See also: Guy de Maupassant bibliography and List look up to short stories by Guy de Maupassant

References

  1. ^"Maupassant, Guy de". Lexico UK English Dictionary. Oxford University Press. Archived from the original send off for 16 July 2021.
  2. ^ ab"Maupassant, Guy de". Longman Dictionary of Of the time English. Longman. Retrieved 21 August 2019.
  3. ^"Maupassant". Random House Webster's Intact Dictionary.
  4. ^"Maupassant". Collins English Dictionary. HarperCollins. Retrieved 21 August 2019.
  5. ^"Maupassant". Merriam-Webster.com Dictionary. Merriam-Webster. Retrieved 21 August 2019.
  6. ^www.data.bnf.fr
  7. ^Alain-Claude Gicquel, Maupassant, tel look over météore, Le Castor Astral, 1993, p. 12
  8. ^Gicquel, Alain-Claude (1993). Maupassant, tel un météore: biographie. Collection "Les inattendus", number 218 (in French). Le Castor Astral. pp. 12, 32. ISBN . Retrieved 7 Oct 2022.
  9. ^"Guy de Maupassant Biography". enotes. Retrieved 9 December 2014.
  10. ^Maupassant, Choix de Contes, Cambridge, p. viii, 1945
  11. ^de Maupassant, Guy (1984). Le Horla et autres contes d'angoisse (in French) (2006 ed.). Paris: Flammarion. p. 233. ISBN .
  12. ^"Biographie de Guy de Maupassant". @lalettre.com. Retrieved 9 Dec 2014.
  13. ^"Maupassant's Apprenticeship with Flaubert". 26 March 2024.
  14. ^"Lycée Pierre Corneille action Rouen - History". Lgcorneille-lyc.spip.ac-rouen.fr. 19 April 1944. Retrieved 13 Pace 2018.
  15. ^Clyde K. Hyder, Algernon Swinburne: The Critical Heritage, 1995, p. 185.
  16. ^Munthe, Axel (1962). The story of San Michele. John Classicist. p. 201.
  17. ^www.letemps.ch
  18. ^www.librarything.com
  19. ^"The Tower of Babel - Criticism of Eiffel Tower". Archived from the original on 13 October 2013.
  20. ^Barthes, Roland. The Technologist Tower and Other Mythologies. Tr. Howard, Richard. Berkeley: University criticize California Press. ISBN 978-0-520-20982-4. Page 1.
  21. ^Loyrette, Henri (1985). Gustave Eiffel. Rizzoli. p. 174. ISBN . Retrieved 7 October 2022.
  22. ^www.editions-allia.com
  23. ^"Remembering Maupassant | Veranda and Entertainment | BBC World Service". Bbc.co.uk. 9 August 2000. Retrieved 13 March 2018.
  24. ^Kvas, Kornelije (2019). The Boundaries of Practicality in World Literature. Lanham, Boulder, New York, London: Lexington Books. p. 131. ISBN .
  25. ^Pierre Bayard, Maupassant, juste avant Freud (Paris: Minuit, 1998)
  26. ^Richard Brody (26 October 2015). "The Writer Who Sparks the Great Movie Adaptations". The New Yorker. Retrieved 31 October 2015.
  27. ^www.lumoslearning.com
  28. ^[Quoted deviate the track "The Questor Affair" from the album Inside Heavenly body Trek.]

Further reading

  • Abamine, E. P. "German-French Sexual Encounters of the Franco-Prussian War Period in the Fiction of Guy de Maupassant." CLA Journal 32.3 (1989): 323–334. online
  • Bonnefis, Philippe.
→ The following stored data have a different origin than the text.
(* Let $A=B[x;\alpha,\delta]_p$ be a Poisson polynomial algebra over a field $k$ of characteristic zero. Assume that $\delta$ is locally nilpotent and that $\alpha\delta=\delta(\alpha+s)$ for some $s\in k^\times$. Then the rule $$\theta(b)=\sum_{n=0}^\infty \frac{1}{n!}\left(\frac{-1}{s}\right)^n\delta^n(b)x^{-n}$$ defines a $k$-algebra homomorphism $\theta:B\to B[x^{\pm1}]$, and $\{x,\theta(b)\}=\theta\alpha(b)\,x$ for all $b\in B$ (bracket computed in the Poisson Laurent polynomial algebra $B[x^{\pm1};\alpha,\delta]_p$).
   Context: If $B$ is a Poisson algebra, $\alpha$ a Poisson derivation of $B$ and $\delta$ a derivation of $B$ with $\delta(\{a,b\})=\{\delta(a),b\}+\{a,\delta(b)\}+\alpha(a)\delta(b)-\delta(a)\alpha(b)$ for $a,b\in B$, then $B[x;\alpha,\delta]_p$ is $B[x]$ with the unique Poisson bracket extending that of $B$ with $\{x,b\}=\alpha(b)x+\delta(b)$, and $B[x^{\pm1};\alpha,\delta]_p$ is the unique extension of this Poisson structure to $B[x^{\pm1}]$. A derivation $\delta$ is locally nilpotent if for each $b$ some power $\delta^N(b)=0$. *)

From HB Require Import structures.
From mathcomp Require Import all_boot all_order all_algebra.
From mathcomp Require Import generic_quotient ring_quotient.
From Stdlib Require Import ClassicalEpsilon.

Set Implicit Arguments.
Unset Strict Implicit.
Unset Printing Implicit Defensive.

Import GRing.Theory.
Local Open Scope ring_scope.
Local Open Scope quotient_scope.

(* Poisson algebras.  The scalar action is passed explicitly as [sc]  *)
(* so that the same notion applies to B (a k-algebra, sc = *:%R) and  *)
(* to the Laurent ring B[x^{+-1}] (k acting through k -> B -> L).     *)
Definition is_poisson_bracket (k : fieldType) (A : comNzRingType)
    (sc : k -> A -> A) (br : A -> A -> A) : Prop :=
  [/\ (forall (c : k) a a' b, br (sc c a + a') b = sc c (br a b) + br a' b),
      (forall a b, br a b = - br b a),
      (forall a b c, br a (br b c) + br b (br c a) + br c (br a b) = 0)
    & (forall a b c, br a (b * c) = br a b * c + b * br a c)].
Lemma lin_indep_mod_cat m l F G : lin_indep_mod Q m F -> lin_indep_mod P l G ->
  lin_indep_mod P (m + l) (fun j => if (j < m)%N then F j else f * G (j - m)%N).
Proof.
case: P_prime => [[_ _ PM] _ Pp]; case: Q_ideal => _ QD QM indF indG c.
rewrite big_split_ord /=.
under eq_bigr => i _ do rewrite ltn_ord.
under [X in _ + X]eq_bigr => i _ do rewrite ltnNge leq_addr /= addKn.
set s1 := \sum_(i < m) _; set s2 := \sum_(i < l) _ => Ps.
have s2E : s2 = (\sum_(i < l) c (m + i)%N *: G i) * f.
  by rewrite mulr_suml; apply: eq_bigr => i _; rewrite -scalerAl mulrC.
have Qs1 : Q s1.
  rewrite -[s1](addrK s2) -mulN1r; apply: (QD); first exact: PQ.
  by apply: (QM); rewrite s2E; apply: QM.
have c1 := indF c Qs1.
have s1_0 : s1 = 0 by apply: big1 => i _; rewrite c1 // scale0r.
move: Ps; rewrite s1_0 add0r s2E => /Pp [/(indG (fun i => c (m + i)%N)) c2|//] i lti.
case: (ltnP i m) => [/c1 //|le].
by rewrite -(subnKC le); apply: c2; rewrite ltn_subLR.
Qed.

Lemma msize_mul_le (p q : S) : (msize (p * q) <= (msize p).-1 + msize q)%N.
Proof.
have [->|p0] := eqVneq p 0; first by rewrite mul0r msize0.
have [->|q0] := eqVneq q 0; first by rewrite mulr0 msize0.
have : (0 < msize p)%N by rewrite lt0n msize_poly_eq0.
by rewrite msizeM //; case: (msize p).
Qed.

Lemma lin_indep_mod_iter m F t :
  lin_indep_mod Q m F -> (forall j, (j < m)%N -> (msize (F j) <= t)%N) ->
  forall s, exists G, lin_indep_mod P (s * m) G /\
    forall j, (j < s * m)%N -> (msize (G j) <= t + s * (msize f).-1)%N.
Proof.
move=> indF szF; elim=> [|s [G [indG szG]]].
  by exists F; split=> [c _ i|j]; rewrite mul0n.
exists (fun j => if (j < m)%N then F j else f * G (j - m)%N); split.
  by rewrite mulSn; apply: lin_indep_mod_cat.
move=> j; rewrite mulSn => ltj; case: ifP => [/szF|jm].
  by move/leq_trans; apply; apply: leq_addr.
apply: leq_trans (msize_mul_le _ _) _.
have := szG (j - m)%N; rewrite ltn_subLR ?ltj; last by rewrite leqNgt jm.
move=> /(_ isT); rewrite mulSn; move: (msize f).-1 (msize (G (j - m)%N)) => a b; lia.
Qed.

End LinIndepMod.

Lemma mnm_le_mdeg N (mu : 'X_{1..N}) i : (mu i <= mdeg mu)%N.
Proof. by rewrite mdegE (bigD1 i) //= leq_addr. Qed.

(* The monomials of degree < t in each of the variables outside A span all
   polynomials of size <= t modulo (x_i : i in A). *)
Lemma lin_indep_mod_var_ideal_le (K : fieldType) N (P : pset {mpoly K[N]})
    (A : {set 'I_N}) m F t :
  is_ideal P -> (forall i, i \in A -> P 'X_i) -> lin_indep_mod P m F ->
  (forall j, (j < m)%N -> (msize (F j) <= t)%N) -> (m <= t ^ #|~: A|)%N.
Proof.
move=> P_ideal PA indF szF.
pose X := {i : 'I_N | i \notin A}.
have cardX : #|{: X}| = #|~: A| by rewrite card_sig; apply: eq_card => i; rewrite !inE.
pose mon (g : {ffun X -> 'I_t}) : 'X_{1..N} :=
  [multinom (if @insub _ (fun i => i \notin A) X i is Some x then val (g x) else 0%N)
  | i < N].
rewrite -cardX -[t in (t ^ _)%N]card_ord -card_ffun.
apply: (@free_family_le_card K _ m (fun j g => (subst0 A (F j))@_(mon g))) => c hc.
apply: indF; apply: (var_ideal_sub P_ideal PA); rewrite /var_ideal /subst0 raddf_sum /=.
apply/mpolyP => mu; rewrite mcoeff0 raddf_sum /=.
under eq_bigr => j _ do rewrite comp_mpolyZ mcoeffZ -/(subst0 A (F j)).
have [/andP [av /forallP lt]|] := boolP (mnm_avoids A mu && [forall i, (mu i < t)%N]).
  pose g := [ffun x : X => Ordinal (lt (val x))].
  suff -> : mu = mon g by apply: hc.
  apply/mnmP => i; rewrite mnmE; case: insubP => [x _ <-|]; first by rewrite ffunE.
  by rewrite negbK => iA; move/forall_inP: av => /(_ i iA) /eqP.
move=> big_mu; apply: big1 => j _; rewrite mcoeff_subst0.
case: ifP big_mu => av; rewrite ?mulr0 //= negb_forall => /existsP [i].
rewrite -leqNgt => lei.
have szmu : (msize (F j) <= mdeg mu)%N.
  by apply: leq_trans (szF j (ltn_ord j)) (leq_trans lei (mnm_le_mdeg _ _)).
by rewrite (memN_msupp_eq0 (msize_mdeg_ge szmu)) mulr0.
Qed.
Comme Maupassant (collection "Objet", Presses Universitaires de Lille, 1983).
  • Dugan, John Raymond. Illusion and reality: a study of descriptive techniques in the works of Boy de Maupassant (Walter de Gruyter, 2014).
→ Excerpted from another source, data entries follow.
Lemma pb_le_of_delta_top (V A : C) (u v : hom V A) (beta : P D A) :
  is_top (pb (pair u v) (delta H A)) -> le (pb u beta) (pb v beta).
Proof.
  intros huv.
  pose proof (delta_subst (pb pi2 beta) u u v) as E.
  rewrite <- !pb_comp, !pi2_pair in E.
  eapply le_trans; [| exact E]. apply meet_glb; [apply le_refl | apply huv].
Qed.

Lemma is_top_delta_sym (V A : C) (u v : hom V A) :
  is_top (pb (pair u v) (delta H A)) -> is_top (pb (pair v u) (delta H A)).
Proof.
  intros huv y.
  pose proof (delta_subst (pb (pair pi2 pi1) (delta H A)) u u v) as E.
  rewrite <- !pb_comp in E. prod_simpl in E.
  eapply le_trans; [| exact E].
  apply meet_glb; [apply is_top_delta_diag | apply huv].
Qed.

Lemma pb_eq_of_delta_top (V A : C) (u v : hom V A) (beta : P D A) :
  is_top (pb (pair u v) (delta H A)) -> pb u beta = pb v beta.
Proof.
  intros huv. apply le_antisym; apply pb_le_of_delta_top; [exact huv |].
  apply is_top_delta_sym, huv.
Qed.

Definition image (O A : C) (nO : ~ stable_initial O) (g : hom O A) : P D A :=
  Sigma2 H nO (graph (delta H) g).

Definition image_witness (O A : C) (nO : ~ stable_initial O) (g : hom O A) : hom A O :=
  eps2 H nO (graph (delta H) g).

Lemma image_eq_delta (O A : C) (nO : ~ stable_initial O) (g : hom O A) :
  image nO g = pb (pair (comp g (image_witness nO g)) (idm A)) (delta H A).
Proof.
  unfold image, image_witness. rewrite eps2_spec. unfold graph. rewrite <- pb_comp.
  unfold prod_map. prod_simpl. reflexivity.
Qed.

Lemma graph_le_pb_image (O A : C) (nO : ~ stable_initial O) (g : hom O A) :
  le (graph (delta H) g) (pb pi2 (image nO g)).
Proof. apply (Sigma2_adj H nO), le_refl. Qed.

Lemma is_top_pb_image (O A : C) (nO : ~ stable_initial O) (g : hom O A) :
  is_top (pb g (image nO g)).
Proof.
  intro y. eapply le_trans; [apply (is_top_delta_diag g y) |].
  pose proof (pb_mono (pair (idm O) g) (graph_le_pb_image nO g)) as E.
  unfold graph, prod_map in E. rewrite <- !pb_comp in E. prod_simpl in E. exact E.
Qed.

Lemma is_top_image_of_section (O A : C) (nO : ~ stable_initial O) (g : hom O A)
  (s : hom A O) : comp g s = idm A -> is_top (image nO g).
Proof.
  intros hgs y. eapply le_trans; [apply (is_top_delta_diag (idm A) y) |].
  pose proof (pb_mono (pair s (idm A)) (graph_le_pb_image nO g)) as E.
  unfold graph, prod_map in E. rewrite <- !pb_comp in E. prod_simpl in E.
  rewrite hgs, pb_id in E. exact E.
Qed.

Lemma pb_image_witness (O A V : C) (nO : ~ stable_initial O) (g : hom O A) (d : hom V A)
  (beta : P D A) :
  is_top (pb d (image nO g)) -> pb (comp g (comp (image_witness nO g) d)) beta = pb d beta.
Proof.
  intros hd. rewrite image_eq_delta, <- pb_comp in hd. prod_simpl in hd.
  apply pb_eq_of_delta_top, hd.
Qed.

Lemma le_of_pb_cocomp_bot (A : C) (alpha beta : P D A) :
  pb (cocomp H beta) alpha = bot H _ -> le alpha beta.
Proof.
  intros E. destruct (cocomp_univ E) as [h [Eh _]].
  apply (cocomp_full (h:=H)). exists h. exact Eh.
Qed.

Lemma pb_cocomp_bot (A : C) (alpha : P D A) : pb (cocomp H alpha) (bot H A) = bot H _.
Proof.
  apply le_antisym; [| apply bot_least].
  rewrite <- (cocomp_bot H alpha). apply pb_mono, bot_least.
Qed.

Lemma eq_bot_stable_initial (X : C) (alpha : P D X) : stable_initial X -> alpha = bot H X.
Proof.
  intros hX. apply le_antisym; [| apply bot_least].
  apply (cocomp_full (h:=H)).
  assert (hB : is_initial (cocomp_ob H (bot H X)))
    by exact (initial_of_map_stable_initial (cocomp H (bot H X)) hX).
  destruct (hB (cocomp_ob H alpha)) as [h _]. exists h.
  apply initial_map_unique, hB.
Qed.

Lemma pb_bot_of_retraction (X Y : C) (f : hom X Y) (r : hom Y X) :
  comp r f = idm X -> pb f (bot H Y) = bot H X.
Proof.
  intros hrf. apply le_antisym; [| apply bot_least].
  rewrite <- (pb_id (bot H X)), <- hrf, pb_comp. apply pb_mono, bot_least.
Qed.

Lemma not_stable_initial_cocomp_ob (W X : C) (w : hom W X) (alpha : P D X) :
  pb w alpha = bot H W -> ~ stable_initial W -> ~ stable_initial (cocomp_ob H alpha).
Proof.
  intros hw nW hO. destruct (cocomp_univ hw) as [h _].
  exact (nW (stable_initial_of_map h hO)).
Qed.

Definition point (X : C) (nX : ~ stable_initial X) : hom (term C) X :=
  eps1 H nX (bot H (prod (term C) X)).

Lemma pb_bot (X Y : C) (f : hom X Y) : pb f (bot H Y) = bot H X.
Proof.
  destruct (classic (stable_initial X)) as [hX | nX]; [apply eq_bot_stable_initial, hX |].
  assert (nY : ~ stable_initial Y) by (intros hY; exact (nX (stable_initial_of_map f hY))).
  assert (nT : ~ stable_initial (term C))
    by (intros hT; exact (nX (stable_initial_of_map (bang X) hT))).
  set (gam := pb f (bot H Y)).
  assert (n1 : ~ stable_initial (cocomp_ob H (bot H Y)))
    by exact (not_stable_initial_cocomp_ob (pb_id (bot H Y)) nY).
  assert (n2 : ~ stable_initial (cocomp_ob H gam)).
  { apply (not_stable_initial_cocomp_ob (w := point nX)); [| exact nT].
    unfold gam. rewrite <- pb_comp. apply (pb_bot_of_retraction (r := bang Y)).
    rewrite (bang_uniq (comp (bang Y) _)). symmetry. apply bang_uniq. }
  assert (top1 : is_top (image n1 (cocomp H (bot H Y)))).
  { destruct (cocomp_univ (pb_id (bot H Y))) as [s [hs _]].
    exact (is_top_image_of_section n1 hs). }
  assert (top2 : is_top (image n2 (cocomp H gam))).
  { pose proof (eaco_cond (f := f) n1 n2) as E. rewrite <- !eps2_spec in E.
    unfold image. fold gam in E. rewrite <- E. apply is_top_pb, top1. }
  (* With u := cocomp gam, e := its image witness: gam = e^* u^* gam = e^* bot
     = e^* u^* bot = bot. *)
  rewrite <- pb_id in top2.
  pose proof (pb_image_witness gam top2) as Egam.
  pose proof (pb_image_witness (bot H X) top2) as Ebot.
  rewrite comp_id_r, !pb_id, !pb_comp in Egam, Ebot.
  rewrite <- Egam, <- Ebot, cocomp_bot, pb_cocomp_bot. reflexivity.
Qed.

(* [eps] maps each [x] to a counterexample to [psi] over [x], whenever one exists. *)
Lemma forall_witness (X Y : C) (nY : ~ stable_initial Y) (psi : P D (prod X Y)) :
  exists eps : hom X Y, le (pb pi1 (pb (pair (idm X) eps) psi)) psi.
Proof.
  set (c := cocomp H psi).
  destruct (classic (stable_initial (cocomp_ob H psi))) as [hO | nO].
  { exists (eps1 H nY psi). apply le_of_pb_cocomp_bot, eq_bot_stable_initial, hO. }
  set (N := image nO c). set (eps := eps1 H nY N). exists eps.
  apply le_of_pb_cocomp_bot. fold c.
  set (d := comp (pair (idm X) eps) (comp pi1 c)).
  assert (hd : is_top (pb d N)).
  { assert (hN : le N (pb pi1 (pb (pair (idm X) eps) N))).
    { unfold eps. rewrite <- eps1_spec. apply (Sigma1_adj H nY), le_refl. }
    intro y. eapply le_trans; [apply (is_top_pb_image nO c) |].
    apply (pb_mono c) in hN. unfold d. rewrite !pb_comp. exact hN. }
  replace (pb c (pb pi1 (pb (pair (idm X) eps) psi))) with (pb d psi)
    by (unfold d; rewrite !pb_comp; reflexivity).
  rewrite <- (pb_image_witness psi hd), pb_comp. fold c.
  unfold c. rewrite (cocomp_bot H psi). apply pb_bot.
Qed.

Lemma projection_witness (Z X Y : C) (f : hom Z X) (p : hom Z Y)
  (nY : ~ stable_initial Y) (gam : P D Z) :
  is_product f p -> exists s : hom X Z, comp f s = idm X /\ le (pb f (pb s gam)) gam.
Proof.
  intros hp. destruct (is_product_iso hp) as [e [hfe he]].
  destruct (forall_witness nY (pb e gam)) as [eps heps].
  exists (comp e (pair (idm X) eps)). split.
  - rewrite comp_assoc, hfe, pi1_pair. reflexivity.
  - apply (pb_mono (pair f p)) in heps.
    rewrite <- !pb_comp, he, pb_id in heps.
    rewrite pi1_pair in heps. rewrite <- pb_comp, <- comp_assoc. exact heps.
Qed.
  • Fagley, Robert. Bachelors, Bastards, careful Nomadic Masculinity: Illegitimacy in Guy de Maupassant and André Gide (Cambridge Scholars Publishing, 2014) online (PDF).
  • Harris, Trevor A. Le V. Maupassant in the Hall of Mirrors: Ironies of Repetition hole the Work of Guy de Maupassant (Springer, 1990).
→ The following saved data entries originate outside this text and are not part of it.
(* Let $\alpha>-1$, $M\ge0$, $N\ge0$, and for $n\ge1$ let $$y(x)=L_n^{\alpha,M,N}(x)=A_0L_n^{(\alpha)}(x)+A_1\frac{d}{dx}L_n^{(\alpha)}(x)+A_2\frac{d^2}{dx^2}L_n^{(\alpha)}(x),$$ where $$A_0=1+M\binom{n+\alpha}{n-1}+\frac{n(\alpha+2)-(\alpha+1)}{(\alpha+1)(\alpha+3)}N\binom{n+\alpha}{n-2}+\frac{MN}{(\alpha+1)(\alpha+2)}\binom{n+\alpha}{n-1}\binom{n+\alpha+1}{n-2},$$ $$A_1=M\binom{n+\alpha}{n}+\frac{n-1}{\alpha+1}N\binom{n+\alpha}{n-1}+\frac{2MN}{(\alpha+1)^2}\binom{n+\alpha}{n}\binom{n+\alpha+1}{n-2},$$ $$A_2=\frac{N}{\alpha+1}\binom{n+\alpha}{n-1}+\frac{MN}{(\alpha+1)^2}\binom{n+\alpha}{n}\binom{n+\alpha+1}{n-1}.$$ Define for $i=0,1,2,\ldots$ $$b_i^*(\alpha,x)=\frac{1}{i!}\sum_{j=0}^{i}(-1)^j\binom{i}{j}(\alpha+1)_{i-j}x^j,\qquad c_i^*(\alpha,x)=\frac{(-1)^i}{i!}x^i.$$ Then for every $n=1,2,3,\ldots$ the polynomial $y=L_n^{\alpha,M,N}$ satisfies $$\sum_{i=0}^{\infty}b_i^*(\alpha,x)y^{(i)}(x)+M\sum_{i=0}^{\infty}c_i^*(\alpha,x)y^{(i)}(x)=0 .$$
   Context: $L_n^{(\alpha)}(x)=\sum_{k=0}^n\frac{(-1)^k}{k!}\binom{n+\alpha}{n-k}x^k$ denotes the classical Laguerre polynomial. $(c)_m$ is the Pochhammer symbol, $\binom{a}{m}$ the generalized binomial coefficient for real $a$, with $\binom{a}{m}=0$ when $m$ is a negative integer. The polynomials $L_n^{\alpha,M,N}$ so defined are orthogonal with respect to the Sobolev inner product $\langle f,g\rangle=\frac{1}{\Gamma(\alpha+1)}\int_0^\infty x^\alpha e^{-x}f(x)g(x)\,dx+Mf(0)g(0)+Nf'(0)g'(0)$. Since $y$ is a polynomial, the sums are finite. *)

From HB Require Import structures.
From mathcomp Require Import all_boot all_order all_algebra.
Set Implicit Arguments. Unset Strict Implicit. Unset Printing Implicit Defensive.
Import Order.TTheory GRing.Theory Num.Theory.
Local Open Scope ring_scope.

Definition poch {R : pzRingType} (c : R) (m : nat) : R :=
  \prod_(i < m) (c + i%:R).

Definition gbinom {R : fieldType} (a : R) (m : nat) : R :=
  (\prod_(i < m) (a - i%:R)) / (m`!)%:R.

Definition gbinomz {R : fieldType} (a : R) (m : int) : R :=
  match m with Posz k => gbinom a k | Negz _ => 0 end.

Definition laguerre {R : fieldType} (n : nat) (alpha : R) : {poly R} :=
  \sum_(k < n.+1)
     (((-1) ^+ k / (k`!)%:R * gbinom (n%:R + alpha) (n - k)%N) *: 'X^k).

Section Coefs.
Variables (R : fieldType) (alpha M N : R) (n : nat).
Let na : R := n%:R + alpha.
Let nz : int := n%:Z.

Definition A0 : R :=
  1 + M * gbinomz na (nz - 1)
  + (n%:R * (alpha + 2) - (alpha + 1)) / ((alpha + 1) * (alpha + 3))
      * N * gbinomz na (nz - 2)
  + M * N / ((alpha + 1) * (alpha + 2))
      * gbinomz na (nz - 1) * gbinomz (na + 1) (nz - 2).

Definition A1 : R :=
  M * gbinomz na nz
  + (n%:R - 1) / (alpha + 1) * N * gbinomz na (nz - 1)
  + 2 * M * N / (alpha + 1) ^+ 2 * gbinomz na nz * gbinomz (na + 1) (nz - 2).

Definition A2 : R :=
  N / (alpha + 1) * gbinomz na (nz - 1)
  + M * N / (alpha + 1) ^+ 2 * gbinomz na nz * gbinomz (na + 1) (nz - 1).
End Coefs.

Definition laguerreMN {R : fieldType} (alpha M N : R) (n : nat) : {poly R} :=
  let L := laguerre n alpha in
  A0 alpha M N n *: L + A1 alpha M N n *: L^`() + A2 alpha M N n *: L^`(2).

Definition bstar {R : fieldType} (alpha x : R) (i : nat) : R :=
  (i`!)%:R^-1 * \sum_(j < i.+1)
      ((-1) ^+ j * ('C(i, j))%:R * poch (alpha + 1) (i - j)%N * x ^+ j).

Definition cstar {R : fieldType} (x : R) (i : nat) : R :=
  (-1) ^+ i / (i`!)%:R * x ^+ i.

(* Let b_i, c_i be the polynomials x |-> b_i^*(alpha, x), c_i^*(x).
   Since b_0' = c_0' = 0, b_(i+1)' = - b_i and c_(i+1)' = - c_i, the derivatives
   of sum_i b_i y^(i) and sum_i c_i y^(i) telescope to zero, so both sums may be
   evaluated at x = 0, where they become sum_k (alpha+1)_k y_k and y(0).  The
   first is the functional p |-> Gamma(alpha+1)^-1 int_0^oo x^alpha e^-x p(x) dx
   written on monomials, so the claim is <y, 1> = 0 for the Sobolev inner
   product.  By Chu-Vandermonde this functional takes the values 0, -1, n-1 on
   L_n, L_n', L_n'', and what remains is a rational identity in alpha and n for
   A_0, A_1, A_2. *)

From HB Require Import structures.
From mathcomp Require Import all_boot all_order all_algebra.
From mathcomp Require Import ring lra.
Set Implicit Arguments.
Unset Strict Implicit.
Unset Printing Implicit Defensive.
Import Order.TTheory GRing.Theory Num.Theory.
Local Open Scope ring_scope.

Section DerivativeSums.
Variable R : nzRingType.
Implicit Types (p : {poly R}) (b : nat -> {poly R}).

Lemma deriv_sum_mul_derivn b p K :
  (b 0%N)^`() = 0 -> (forall i, (b i.+1)^`() = - b i) -> (size p <= K)%N ->
  (\sum_(i < K) b i * p^`(i))^`() = 0.
Proof.
move=> b0 bS pK.
have sum_deriv k : (\sum_(i < k.+1) b i * p^`(i))^`() = b k * p^`(k.+1).
  elim: k => [|k IHk]; first by rewrite big_ord1 derivM b0 mul0r add0r.
  by rewrite big_ord_recr derivD IHk derivM bS -derivnS mulNr addNKr.
case: K pK => [|K] pK; first by rewrite big_ord0 deriv0.
by rewrite sum_deriv derivn_poly0 ?mulr0.
Qed.

Lemma size_derivn_leq p i : (size p^`(i) <= size p)%N.
Proof.
elim: i => // i IHi; rewrite derivnS /deriv.
exact: leq_trans (size_poly _ _) (leq_trans (leq_pred _) IHi).
Qed.

Lemma horner0_derivn p i : (p^`(i)).[0] = p`_i * (i`!)%:R.
Proof. by rewrite horner_coef0 coef_derivn addn0 ffactnn mulr_natr. Qed.

End DerivativeSums.

Section ConstantSums.
Variable R : numDomainType.
Implicit Types (p : {poly R}) (b : nat -> {poly R}).

Lemma deriv_eq0_polyC p : p^`() = 0 -> p = (p`_0)%:P.
Proof.
move=> p'0; apply/polyP => -[|i]; rewrite coefC //=.
have /eqP := congr1 (fun q : {poly R} => q`_i) p'0.
by rewrite coef_deriv coef0 -mulr_natr mulf_eq0 pnatr_eq0 orbF => /eqP.
Qed.

Lemma horner_sum_mul_derivn b p K x :
  (b 0%N)^`() = 0 -> (forall i, (b i.+1)^`() = - b i) -> (size p <= K)%N ->
  \sum_(i < K) (b i).[x] * (p^`(i)).[x] =
  \sum_(i < K) (b i).[0] * p`_i * (i`!)%:R.
Proof.
move=> b0 bS pK.
have S_const := deriv_eq0_polyC (deriv_sum_mul_derivn b0 bS pK).
have -> : \sum_(i < K) (b i).[x] * (p^`(i)).[x] =
          (\sum_(i < K) b i * p^`(i)).[x].
  by rewrite horner_sum; apply: eq_bigr => i _; rewrite hornerM.
rewrite S_const hornerC -horner_coef0 horner_sum.
by apply: eq_bigr => i _; rewrite hornerM horner0_derivn mulrA.
Qed.

End ConstantSums.

Section KernelPolynomials.
Variable R : numFieldType.
Implicit Types alpha x : R.

Lemma natr_fact_neq0 k : (k`!)%:R != 0 :> R.
Proof. by rewrite pnatr_eq0 -lt0n fact_gt0. Qed.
  • Lanoux, Armand. Maupassant le Bel-Ami (Fayard, 1967).
  • Morand, Paul. Vie de Guy de Maupassant (Flammarion, 1942).
  • Reda, Jacques. Album Maupassant (Bibliothèque de la Pléiade, Gallimard, 1987).
  • Rougle, Charles. "Art and the Artist in Babel's" Guy mass Maupassant"." The Russian Review 48.2 (1989): 171–180. online
  • Sattar, Atia. "Certain Madness: Guy de Maupassant and Hypnotism". Configurations 19.2 (2011): 213–241. regarding both versions of his horror story "The Horla" (1886/87). online
  • Schmidt, Albert-Marie. Maupassant par lui-même (Le Seuil, 1962).
  • Stivale, Charles J. The art of rupture: narrative desire and duplicity in representation tales of Guy de Maupassant (University of Michigan Press, 1994).
  • Vial, André. Maupassant et l'art du roman (Nizet, 1954).